● **WHAT YOU WILL DO**
The answer must be the lines from the one containing "From mathcomp Require Import all_classical" through the last line of the data below, copied exactly, with nothing else.
═══ DATASET EXTRACT
(* Assume that \[ \sum_{i\geq j\geq 0}2^{-(i+j)}h_{i,j}(t)\geq 1/2 \] for all integers $t\geq 1$. Then $\tilde c_t\leq 1/2\leq c_t$ holds for all integers $t\geq 1$.
   Context: $s(n)$ denotes the binary sum of digits of $n\ge0$. For $t\ge0$, $c_t$ (resp. $\tilde c_t$) is the asymptotic density of $\{n\ge0: s(n+t)\ge s(n)\}$ (resp. $\{n\ge 0: s(n+t)>s(n)\}$). A hyperbinary expansion of a nonnegative integer $n$ is a sequence $(\varepsilon_{\nu-1},\ldots,\varepsilon_0)\in \{0,1,2\}^{\nu}$ ($\nu\ge0$) with $\sum_{0\leq i<\nu}\varepsilon_i2^i=n$; it is proper if $\nu=0$ or $\varepsilon_{\nu-1}\neq 0$. For $i,j\ge0$ and $t\ge1$, $h_{i,j}(t)$ is the number of proper hyperbinary expansions of $t-1$ having exactly $i$ digits equal to $2$ and exactly $j$ digits equal to $0$. *)

From HB Require Import structures.
From mathcomp Require Import all_boot all_order all_algebra.
From mathcomp Require Import all_classical all_reals all_analysis.
Set Implicit Arguments. Unset Strict Implicit. Unset Printing Implicit Defensive.
Import Order.TTheory GRing.Theory Num.Theory.
Import numFieldNormedType.Exports.
Local Open Scope classical_set_scope.

(* s(n): binary sum of digits of n.  Digit k of n is odd (n %/ 2^k);
   positions k <= n suffice since n < 2^(n+1). *)
Definition s (n : nat) : nat := \sum_(k < n.+1) odd (n %/ 2 ^ k).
══════
● **YOUR RESPONSE**
From mathcomp Require Import all_classical all_reals all_analysis.
Set Implicit Arguments. Unset Strict Implicit. Unset Printing Implicit Defensive.
Import Order.TTheory GRing.Theory Num.Theory.
Import numFieldNormedType.Exports.
Local Open Scope classical_set_scope.

(* s(n): binary sum of digits of n.  Digit k of n is odd (n %/ 2^k);
   positions k <= n suffice since n < 2^(n+1). *)
Definition s (n : nat) : nat := \sum_(k < n.+1) odd (n %/ 2 ^ k).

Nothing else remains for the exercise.